Thursday, May 15, 2008 by Kimberly Reeves

The case of 810 West Annie and 1715 Bouldin Avenue at the Board of Adjustment last night was like a really bad divorce. The two property owners knew they wanted to be divided, but it as tough time trying to divide the assets.

The fact is the two lots were actually one, one that shared a common garage apartment. When Grand and Erin Hill at 810 West Annie finally chose to add a second-floor addition to their home to accommodate a second child, it required removing the garage across the property and turning one lot into two. That also required a laundry list of just about every variance in the book.

The front street setback was changed. The side street setbacks were changed. The rear yard setback was reduced. Accessory buildings were to be removed. The lot size was reduced. Impervious cover was increased slightly. The adjacent property also had the same type of variances. By the time the discussion was over, the Hills also agreed that they might need a waiver of the floor-to-area ratio. The total square footage of a two-story house in the reduced-size lot was a total of 1,500 square feet.

“In addition, we’re requesting a lot size variance,” Erin Hill said in her introduction of the case. “As I’m sure you know, if we remove our portion of a structure spanning the two lots, then it becomes two separate lots as far as zoning is concerned.”

But as is the situation with many cases before the BOA, an action does not necessarily create a finding of hardship. Chair Frank Fuentes strongly suggested that Hill postpone her case because it simply created no true findings.

“I’ve read the hardship, and what you’re basically saying is that your intent is that you have to do something illegal to bring it up to city code, but you want a variance from the code to make it legal,” Fuentes said. “That’s what you’ve written. That’s not a hardship. You need to speak specifically to the variances you are asking for, and draft those hardships as findings. You can’t say you need to do something illegal to make it legal. Even that one sentence is wrong.”

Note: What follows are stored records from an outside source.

(* Let $(I,\leq)$ and $(J,\preccurlyeq)$ be finite posets and $\mathcal P\colon J^{\mathrm{op}}\to\mathrm{Fun}(I,\mathrm{vect}_K)$ a thin functor. Then the collection $\{\mathcal P(a)\mid a\in J,\ \mathcal P(a)\neq0\}$ is independent.
   Context: $K$ is a field, $\mathrm{vect}_K$ finite-dimensional $K$-vector spaces, $\mathrm{Fun}(I,\mathrm{vect}_K)$ the category of functors $I\to\mathrm{vect}_K$ with natural transformations (hom sets $\mathrm{Nat}_I$). For $a\in J$, $K(a,-)\colon J\to\mathrm{vect}_K$ is the free functor ($K(a,b)=K$ if $a\preccurlyeq b$, else $0$, identity transitions between nonzero values). $\mathcal R M=\mathrm{Nat}_I(\mathcal P(-),M)$ defines $\mathcal R\colon\mathrm{Fun}(I,\mathrm{vect}_K)\to\mathrm{Fun}(J,\mathrm{vect}_K)$, with left adjoint $\mathcal L$ (given by $\mathcal LF=\mathrm{colim}\big(\bigoplus_{a_0\prec a_1}\mathcal P(a_1)\otimes F(a_0)\rightrightarrows\bigoplus_a\mathcal P(a)\otimes F(a)\big)$), so $\mathcal LK(a,-)\cong\mathcal P(a)$; $\eta_a\colon K(a,-)\to\mathcal R\mathcal LK(a,-)$ is the unit. $\mathcal P$ is thin if each $\eta_a$ is pointwise surjective. For a collection $\mathcal C$ of objects of an abelian category, an object is $\mathcal C$-free if it is isomorphic to a finite direct sum of elements of $\mathcal C$; $\mathcal C$ is independent if for every $\mathcal C$-free object $F$ there is a unique finitely supported function $\beta\colon\mathcal C\to\mathbb N$ with $F\cong\bigoplus_{A\in\mathcal C}A^{\beta(A)}$. *)

(* Concrete model of Fun(I, vect_K) for a finite poset I:
   a functor M : I -> vect_K is given by dimensions  rdim M i  (M(i) = K^(rdim M i))
   and matrices  rmap M i j  for i <= j, acting on ROW vectors (v |-> v *m A). *)
From HB Require Import structures.
From mathcomp Require Import all_boot all_order all_algebra.
Set Implicit Arguments. Unset Strict Implicit. Unset Printing Implicit Defensive.
Import Order.TTheory GRing.Theory.
Local Open Scope ring_scope.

In addition, next-door neighbor Marvin McCowan also raised objections to the case. With a reduced side yard setback, the second-floor addition to the Hills house would be practically on top of his own lot. In fact, the current house was only 18 inches from the lot line when the accessory shed was included.

“I think it’s asking a little too much,” McCowan said. “It’s going to totally engulf my property by the time they go to a second floor. They do have that right, to some extent, but we do have the neighborhood integrity to consider.”

Also, with the lot line already reduced, the removal of the garage apartment was going to be a health hazard. McCowan said he often spent time in his backyard with his children and his grandchildren and worried about the safety hazards of construction, and especially the deconstruction of the garage apartment.

In her rebuttal, Hill noted that only one window would be built in the second-floor addition, a window that would be in a second-floor nursery.

Commissioner Leane Heldenfels, trying to be helpful, noted that the configuration of the lots and the current placement of the buildings on those lots might be something that could be drawn up as a hardship on the case. She also recommended that Hill meet with her neighbor to find additional common ground.

The case was delayed. Hill said it would take only 30 days to add findings to her variances in order to win the approval of the Board of Adjustment. The case is back on the agenda on June 9.